Module Identifier | PH24010 | ||

Module Title | DATA HANDLING AND STATISTICS | ||

Academic Year | 2000/2001 | ||

Co-ordinator | Dr Geraint Vaughan | ||

Semester | Semester 1 | ||

Other staff | Dr James Whiteway, Dr Geraint Thomas | ||

Pre-Requisite | Core Physics Modules at Level 1 | ||

Co-Requisite | PH25010 | ||

Course delivery | Lecture | 8 lectures (first half of semester) | |

Seminars / Tutorials | 3 workshops | ||

Laboratory | 36 Hours 12 laboratory sessions (3 hours each) | ||

Assessment | Exam | End of Semester Examinations | 20% |

Course work | Young's Modulus experiment | 30% | |

Course work | Random Measurement Experiment | 15% | |

Course work | Photometry Experiment | 15% | |

Course work | MathCad exercises | 10% | |

Course work | Theory exercises | 10% |

**Module description**

This module is a laboratory-based course where the handling of data in selected experiments is treated in parallel with a course on the theory of measurement, the nature of experimental errors, random and systematic. The course provides an introduction to the basic statistics encountered in Physics, including the Binomial, Poisson and Normal distributions, and simple least-squares regression. The estimate of standard error, the combination of errors and the optimum design of experiments to reduce the final error in the most efficient way are covered, together with a demonstration of selection effects in compiling a data-base. An introduction to the MathCad programming package will be given.

**Learning outcomes**

After taking this module student should be able to:

- understand the nature of random error in experimental data
- use the Gaussian distribution and apprectiate why it applies in so many cases
- calculate the mean and standard deviation of data following a simple, unbiased Gaussian
- recognise the effect of inter-dependence of measurements and extreme values on data sets
- combine several different errors to derive a final error
- identify the most important source of error in an experiment and concentrate on reducing that error
- appreciate how selection effects introduce a bias into a data sample
- fit a straight line to experimental data and evaluate the standard error in the slope and intercept.
- write a simple MathCad program to model a physical system.

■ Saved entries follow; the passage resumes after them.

Theorem proposition2 (m : nat) (hm : 3 <= m) :
  exists (T : finType) (e : rel T) (n : nat),
    simple_graph e /\ cubic e /\ connected_graph e /\ #|T| = (2 * n)%N /\
    every_edge_in_kmatching e n.-1 /\ excessive_index_ge e n.-1 m.
Proof.
exists (vertex m), (@necklace m), (3 * m)%N.
split; first exact: (conj (@necklace_sym m) (necklace_irr hm)).
split; first exact: necklace_cubic.
split; first exact: necklace_connected.
split; first exact: card_vertex.
split; last exact: necklace_lower_bound.
apply: (every_edge_in_near_perfect (necklace_irr hm)).
  exact: card_vertex.
exact: necklace_edge_cover.
Qed.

**Additional learning activities**

Use of STOMP CAL package.

Simple modelling using MathCad.

**Outline syllabus**

Introduction to MathCad 8

Theory of measurement (STOMP Measurement and Uncertainty package)

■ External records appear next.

(* A closed walk that repeats a vertex splits into two shorter closed
   walks, so by strong induction on the length it is a sum of cycles. *)
Lemma closed_walk_label0 (e : rel T) :
  (forall x s, uniq (x :: s) -> path e x (rcons s x) -> walk_label x (rcons s x) = 0) ->
  forall x t, path e x t -> last x t = x -> walk_label x t = 0.
Proof.
move=> hcyc x t; move: {2}(size t) (leqnn (size t)) => n.
elim: n x t => [|n IH] x t; first by rewrite leqn0 => /nilP ->.
case/lastP: t => [//|s z] hs pt; rewrite last_rcons => zx; subst z.
have [u|nu] := boolP (uniq (rcons s x)).
  by apply: hcyc pt; rewrite /= -rcons_uniq.
have [s1 [y [s2 [s3 def]]]] := not_uniq_split nu.
have def' : rcons s x = rcons s1 y ++ (rcons s2 y ++ s3) by rewrite def !cat_rcons.
have lt : last x (rcons s1 y ++ (rcons s2 y ++ s3)) = x by rewrite -def' last_rcons.
rewrite def' in pt hs *; rewrite !size_cat !size_rcons in hs.
move: pt; rewrite !cat_path !last_rcons => /and3P [p1 p2 p3].
rewrite !walk_label_cat !last_rcons (IH y (rcons s2 y)) ?last_rcons ?size_rcons //;
  last lia.
rewrite add0r; have := IH x (rcons s1 y ++ s3); rewrite walk_label_cat last_rcons.
apply; first by rewrite size_cat size_rcons; lia.
  by rewrite cat_path p1 last_rcons.
by move: lt; rewrite !last_cat !last_rcons.
Qed.

End WalkLabels.

(* p u is the label of a chosen walk from a root to u; any two such walks
   differ by closed walks. *)
Lemma strongly_connected_potential (T : finType) (G : zmodType)
    (e : rel T) (lab : T -> T -> G) :
  (forall u v, connect e u v) ->
  (forall x t, path e x t -> last x t = x -> walk_label lab x t = 0) ->
  exists p : T -> G, forall u v, e u v -> p v = p u + lab u v.
Proof.
move=> conn hclosed.
have [v0 _|empty] := pickP (fun _ : T => true); last first.
  by exists (fun _ => 0) => u; have := empty u.
have ex u : exists t, path e v0 t && (last v0 t == u).
  by have /connectP [t pt ->] := conn v0 u; exists t; rewrite pt eqxx.
exists (fun u => walk_label lab v0 (xchoose (ex u))) => u v huv.
have /andP [pu /eqP lu] := xchooseP (ex u).
have /andP [pv /eqP lv] := xchooseP (ex v).
have /connectP [q pq lq] := conn v v0.
have z1 := hclosed v0 (xchoose (ex u) ++ v :: q).
have z2 := hclosed v0 (xchoose (ex v) ++ q).
rewrite !walk_label_cat !cat_path !last_cat lu lv /= huv pq pu pv -lq in z1 z2.
apply: (@addIr _ (walk_label lab v q)).
by rewrite -addrA z1 ?z2.
Qed.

Units 0.1,0.2,0.3 Introduction to STOMP

Unit 1.2 Random and systematic errors

Unit 2.2 Accuracy and precision

Unit 2.3a Mean and standard deviation

Units 2.4 and 2.4a Gaussian, Poisson and Binomial distribtions

Units 2.5a, 3.1 and 3.1a Combining uncertainties

Units 3.2, 4.1 and 4.2 - The Least Squares Principle, graphing data and fitting a straight line to data.

Experiments

1. Random Measurements

Median, mean, average deviation and standard deviation.

Histogram.

Illustration of a simple Gaussian distribution.

Analysis of Dartboard results.

Illustration of inter-dependence of data and rejection of extreme data.

Photometry experiment. Exercise in taking and transforming measurements.

3. Young's Modulus experiment.

Determination of Young's Modulus, with special care taken to estimate the random uncertainty

in the final result.

Identification of the parameter contributing most to the final error.

**Reading Lists**

**Books**
**** Recommended Text**

Roger Barlow.
*Statistics*. Wiley ISBN 0-471-92295-1
**** Reference Text**

D. Donnelly.
*MathCad for Introductory Physics*. Addison-Wesley ISBN 0-201-54736-8

P.M. Morse.
*Vibration and Sound*.